— YOUR GOAL —
For this listing, the lines between the one holding "apply/andP; split; first" and the one holding "(forall p, 0", inclusive, must be set down exactly.

^^^^^^^^

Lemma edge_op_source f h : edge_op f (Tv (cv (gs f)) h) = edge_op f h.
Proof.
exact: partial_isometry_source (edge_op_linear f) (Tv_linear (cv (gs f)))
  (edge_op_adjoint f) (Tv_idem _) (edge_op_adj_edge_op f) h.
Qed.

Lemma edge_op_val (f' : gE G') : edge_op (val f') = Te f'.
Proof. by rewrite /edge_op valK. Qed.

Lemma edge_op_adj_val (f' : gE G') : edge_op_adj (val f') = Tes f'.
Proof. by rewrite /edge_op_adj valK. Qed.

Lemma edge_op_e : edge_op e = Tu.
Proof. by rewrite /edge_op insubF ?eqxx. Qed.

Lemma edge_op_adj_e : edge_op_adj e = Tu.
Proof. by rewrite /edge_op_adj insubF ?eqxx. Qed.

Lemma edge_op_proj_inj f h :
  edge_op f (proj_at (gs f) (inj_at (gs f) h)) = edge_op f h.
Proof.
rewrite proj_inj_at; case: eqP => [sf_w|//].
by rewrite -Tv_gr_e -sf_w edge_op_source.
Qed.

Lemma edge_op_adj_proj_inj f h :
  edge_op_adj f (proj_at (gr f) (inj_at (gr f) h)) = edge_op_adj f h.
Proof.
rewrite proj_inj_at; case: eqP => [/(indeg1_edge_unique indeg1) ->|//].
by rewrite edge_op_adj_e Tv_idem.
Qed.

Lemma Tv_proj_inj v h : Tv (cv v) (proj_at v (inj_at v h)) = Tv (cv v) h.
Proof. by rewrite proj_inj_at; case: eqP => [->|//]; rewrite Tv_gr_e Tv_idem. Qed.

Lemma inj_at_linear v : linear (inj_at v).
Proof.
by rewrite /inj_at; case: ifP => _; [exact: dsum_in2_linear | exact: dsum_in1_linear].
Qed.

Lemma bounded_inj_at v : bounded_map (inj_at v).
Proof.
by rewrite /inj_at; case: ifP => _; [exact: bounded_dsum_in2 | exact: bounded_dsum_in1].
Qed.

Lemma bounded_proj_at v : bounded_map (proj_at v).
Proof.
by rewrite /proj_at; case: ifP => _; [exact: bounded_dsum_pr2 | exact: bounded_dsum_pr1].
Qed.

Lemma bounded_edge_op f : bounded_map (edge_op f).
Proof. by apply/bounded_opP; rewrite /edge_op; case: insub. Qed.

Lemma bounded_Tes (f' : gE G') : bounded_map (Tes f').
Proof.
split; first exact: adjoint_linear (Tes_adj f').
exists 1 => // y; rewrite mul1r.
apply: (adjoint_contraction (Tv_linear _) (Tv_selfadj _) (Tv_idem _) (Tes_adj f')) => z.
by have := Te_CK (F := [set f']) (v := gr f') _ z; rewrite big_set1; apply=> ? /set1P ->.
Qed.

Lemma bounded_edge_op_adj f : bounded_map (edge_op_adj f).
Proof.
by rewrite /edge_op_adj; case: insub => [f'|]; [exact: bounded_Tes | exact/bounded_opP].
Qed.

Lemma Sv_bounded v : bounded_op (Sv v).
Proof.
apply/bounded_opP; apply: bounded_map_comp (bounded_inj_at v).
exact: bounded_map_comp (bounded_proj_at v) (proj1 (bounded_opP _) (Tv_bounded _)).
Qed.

^^^^^^^^

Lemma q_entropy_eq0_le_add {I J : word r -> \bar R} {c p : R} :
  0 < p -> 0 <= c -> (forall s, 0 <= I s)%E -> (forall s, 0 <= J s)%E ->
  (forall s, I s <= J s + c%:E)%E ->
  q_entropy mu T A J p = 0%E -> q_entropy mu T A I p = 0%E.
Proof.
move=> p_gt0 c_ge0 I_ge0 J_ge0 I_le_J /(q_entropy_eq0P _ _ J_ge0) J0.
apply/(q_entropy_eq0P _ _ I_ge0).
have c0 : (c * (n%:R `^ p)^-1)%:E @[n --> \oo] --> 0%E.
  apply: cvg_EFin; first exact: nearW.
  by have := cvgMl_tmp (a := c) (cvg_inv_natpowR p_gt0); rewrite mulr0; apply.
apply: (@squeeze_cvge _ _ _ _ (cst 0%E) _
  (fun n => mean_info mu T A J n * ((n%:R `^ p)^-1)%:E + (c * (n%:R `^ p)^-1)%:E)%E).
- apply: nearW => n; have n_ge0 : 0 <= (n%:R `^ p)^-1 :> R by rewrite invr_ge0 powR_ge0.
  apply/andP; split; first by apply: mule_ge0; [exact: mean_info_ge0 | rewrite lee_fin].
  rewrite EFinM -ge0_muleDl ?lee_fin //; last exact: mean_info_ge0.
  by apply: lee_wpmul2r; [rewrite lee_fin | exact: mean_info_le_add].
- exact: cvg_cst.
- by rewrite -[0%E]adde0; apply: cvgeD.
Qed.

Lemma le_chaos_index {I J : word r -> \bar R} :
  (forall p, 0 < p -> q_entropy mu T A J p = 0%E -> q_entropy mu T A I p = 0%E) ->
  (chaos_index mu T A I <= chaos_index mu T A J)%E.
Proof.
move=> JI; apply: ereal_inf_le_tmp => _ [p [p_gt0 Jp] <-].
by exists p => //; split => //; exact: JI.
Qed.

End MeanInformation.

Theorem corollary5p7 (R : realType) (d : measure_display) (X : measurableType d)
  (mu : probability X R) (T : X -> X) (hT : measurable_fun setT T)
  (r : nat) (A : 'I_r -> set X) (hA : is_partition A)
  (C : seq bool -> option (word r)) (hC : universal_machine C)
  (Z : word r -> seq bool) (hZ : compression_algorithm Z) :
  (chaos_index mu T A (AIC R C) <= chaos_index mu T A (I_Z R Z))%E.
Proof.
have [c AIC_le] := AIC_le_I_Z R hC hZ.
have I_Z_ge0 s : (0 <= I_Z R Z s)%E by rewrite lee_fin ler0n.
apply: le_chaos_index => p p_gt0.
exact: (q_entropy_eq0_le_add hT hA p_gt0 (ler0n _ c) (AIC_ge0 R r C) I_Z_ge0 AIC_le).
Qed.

^^^^^^^^

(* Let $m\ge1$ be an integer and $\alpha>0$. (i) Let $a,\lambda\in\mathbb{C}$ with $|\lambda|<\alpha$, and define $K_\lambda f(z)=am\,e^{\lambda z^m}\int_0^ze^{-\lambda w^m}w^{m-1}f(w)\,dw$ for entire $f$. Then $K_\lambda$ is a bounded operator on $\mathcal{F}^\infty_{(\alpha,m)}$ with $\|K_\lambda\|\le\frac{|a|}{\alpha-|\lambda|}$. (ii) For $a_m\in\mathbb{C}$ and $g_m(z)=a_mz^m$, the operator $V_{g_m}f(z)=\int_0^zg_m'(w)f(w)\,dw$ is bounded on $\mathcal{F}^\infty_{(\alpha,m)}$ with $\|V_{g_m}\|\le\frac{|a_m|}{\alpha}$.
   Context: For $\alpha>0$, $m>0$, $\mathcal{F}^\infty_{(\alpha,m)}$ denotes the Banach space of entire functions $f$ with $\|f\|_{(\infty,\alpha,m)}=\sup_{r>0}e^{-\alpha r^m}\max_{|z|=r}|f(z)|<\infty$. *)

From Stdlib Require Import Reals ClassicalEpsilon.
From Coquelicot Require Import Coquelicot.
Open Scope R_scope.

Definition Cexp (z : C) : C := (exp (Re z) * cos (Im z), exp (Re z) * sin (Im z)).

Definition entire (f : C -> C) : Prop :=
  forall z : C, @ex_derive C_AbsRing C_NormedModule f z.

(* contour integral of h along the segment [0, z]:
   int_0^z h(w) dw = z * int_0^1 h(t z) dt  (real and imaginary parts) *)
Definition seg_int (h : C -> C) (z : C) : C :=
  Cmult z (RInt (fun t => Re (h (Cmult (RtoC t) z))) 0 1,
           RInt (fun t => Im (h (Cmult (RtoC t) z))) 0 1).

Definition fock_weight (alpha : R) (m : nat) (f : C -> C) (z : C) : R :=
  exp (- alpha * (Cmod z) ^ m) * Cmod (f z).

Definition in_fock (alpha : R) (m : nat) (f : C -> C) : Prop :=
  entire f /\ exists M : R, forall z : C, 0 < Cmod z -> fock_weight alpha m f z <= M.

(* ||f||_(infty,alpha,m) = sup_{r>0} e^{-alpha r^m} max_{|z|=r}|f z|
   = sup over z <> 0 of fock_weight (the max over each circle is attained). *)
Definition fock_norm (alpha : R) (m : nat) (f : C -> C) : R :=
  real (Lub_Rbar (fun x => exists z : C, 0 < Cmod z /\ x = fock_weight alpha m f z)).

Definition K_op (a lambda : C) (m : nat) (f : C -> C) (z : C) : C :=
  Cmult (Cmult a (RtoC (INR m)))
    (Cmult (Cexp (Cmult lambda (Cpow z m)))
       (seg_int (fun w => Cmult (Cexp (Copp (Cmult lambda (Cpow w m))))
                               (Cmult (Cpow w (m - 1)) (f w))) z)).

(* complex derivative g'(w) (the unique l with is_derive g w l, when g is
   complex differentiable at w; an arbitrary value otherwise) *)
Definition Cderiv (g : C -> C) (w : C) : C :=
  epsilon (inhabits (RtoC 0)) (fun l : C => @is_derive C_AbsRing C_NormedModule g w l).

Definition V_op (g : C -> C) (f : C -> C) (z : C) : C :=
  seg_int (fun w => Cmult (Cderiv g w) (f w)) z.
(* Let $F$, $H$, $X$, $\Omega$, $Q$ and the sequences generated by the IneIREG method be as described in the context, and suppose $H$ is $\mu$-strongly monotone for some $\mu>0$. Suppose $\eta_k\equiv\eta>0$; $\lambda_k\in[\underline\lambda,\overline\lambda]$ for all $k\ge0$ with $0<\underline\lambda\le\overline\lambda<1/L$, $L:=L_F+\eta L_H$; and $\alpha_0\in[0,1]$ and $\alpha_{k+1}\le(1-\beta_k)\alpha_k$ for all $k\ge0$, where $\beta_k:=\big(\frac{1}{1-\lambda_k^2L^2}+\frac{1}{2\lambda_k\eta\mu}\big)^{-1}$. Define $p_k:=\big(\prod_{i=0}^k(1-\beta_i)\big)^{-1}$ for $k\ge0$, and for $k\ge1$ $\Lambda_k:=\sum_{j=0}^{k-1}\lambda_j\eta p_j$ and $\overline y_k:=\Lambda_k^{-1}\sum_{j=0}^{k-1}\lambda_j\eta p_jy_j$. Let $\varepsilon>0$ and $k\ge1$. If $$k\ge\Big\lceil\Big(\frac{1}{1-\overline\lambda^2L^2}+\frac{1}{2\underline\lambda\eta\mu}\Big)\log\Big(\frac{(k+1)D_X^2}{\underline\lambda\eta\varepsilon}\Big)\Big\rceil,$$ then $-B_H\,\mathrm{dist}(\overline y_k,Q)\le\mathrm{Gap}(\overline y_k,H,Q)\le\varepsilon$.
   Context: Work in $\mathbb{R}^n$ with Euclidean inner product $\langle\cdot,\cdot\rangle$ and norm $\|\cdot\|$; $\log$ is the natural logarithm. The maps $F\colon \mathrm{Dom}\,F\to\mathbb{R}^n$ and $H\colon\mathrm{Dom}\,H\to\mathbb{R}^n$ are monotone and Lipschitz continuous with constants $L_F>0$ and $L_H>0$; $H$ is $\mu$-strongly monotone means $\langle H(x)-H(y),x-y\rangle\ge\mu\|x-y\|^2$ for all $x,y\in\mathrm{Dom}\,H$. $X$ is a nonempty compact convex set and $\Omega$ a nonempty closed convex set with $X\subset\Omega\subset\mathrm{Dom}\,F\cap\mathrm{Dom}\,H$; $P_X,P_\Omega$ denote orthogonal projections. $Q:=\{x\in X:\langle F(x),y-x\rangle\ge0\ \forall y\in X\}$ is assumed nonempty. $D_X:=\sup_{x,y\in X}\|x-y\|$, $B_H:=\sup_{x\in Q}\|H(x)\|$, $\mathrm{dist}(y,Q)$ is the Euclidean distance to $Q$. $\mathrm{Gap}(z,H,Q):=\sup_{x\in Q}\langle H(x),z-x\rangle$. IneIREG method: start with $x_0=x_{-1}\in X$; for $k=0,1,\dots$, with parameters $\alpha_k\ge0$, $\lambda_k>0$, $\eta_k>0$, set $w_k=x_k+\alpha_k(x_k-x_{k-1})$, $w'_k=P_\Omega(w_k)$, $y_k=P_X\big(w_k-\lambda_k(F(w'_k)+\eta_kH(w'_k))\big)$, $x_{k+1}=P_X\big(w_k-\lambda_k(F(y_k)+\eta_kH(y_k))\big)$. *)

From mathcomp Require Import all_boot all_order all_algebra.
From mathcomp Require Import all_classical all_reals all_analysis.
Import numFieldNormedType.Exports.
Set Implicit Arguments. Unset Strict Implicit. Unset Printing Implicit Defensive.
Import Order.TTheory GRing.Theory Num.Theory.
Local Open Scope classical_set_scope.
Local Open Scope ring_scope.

^^^^^^^^

— THE ANSWER —
  apply/andP; split; first by apply: mule_ge0; [exact: mean_info_ge0 | rewrite lee_fin].
  rewrite EFinM -ge0_muleDl ?lee_fin //; last exact: mean_info_ge0.
  by apply: lee_wpmul2r; [rewrite lee_fin | exact: mean_info_le_add].
- exact: cvg_cst.
- by rewrite -[0%E]adde0; apply: cvgeD.
Qed.

Lemma le_chaos_index {I J : word r -> \bar R} :
  (forall p, 0 < p -> q_entropy mu T A J p = 0%E -> q_entropy mu T A I p = 0%E) ->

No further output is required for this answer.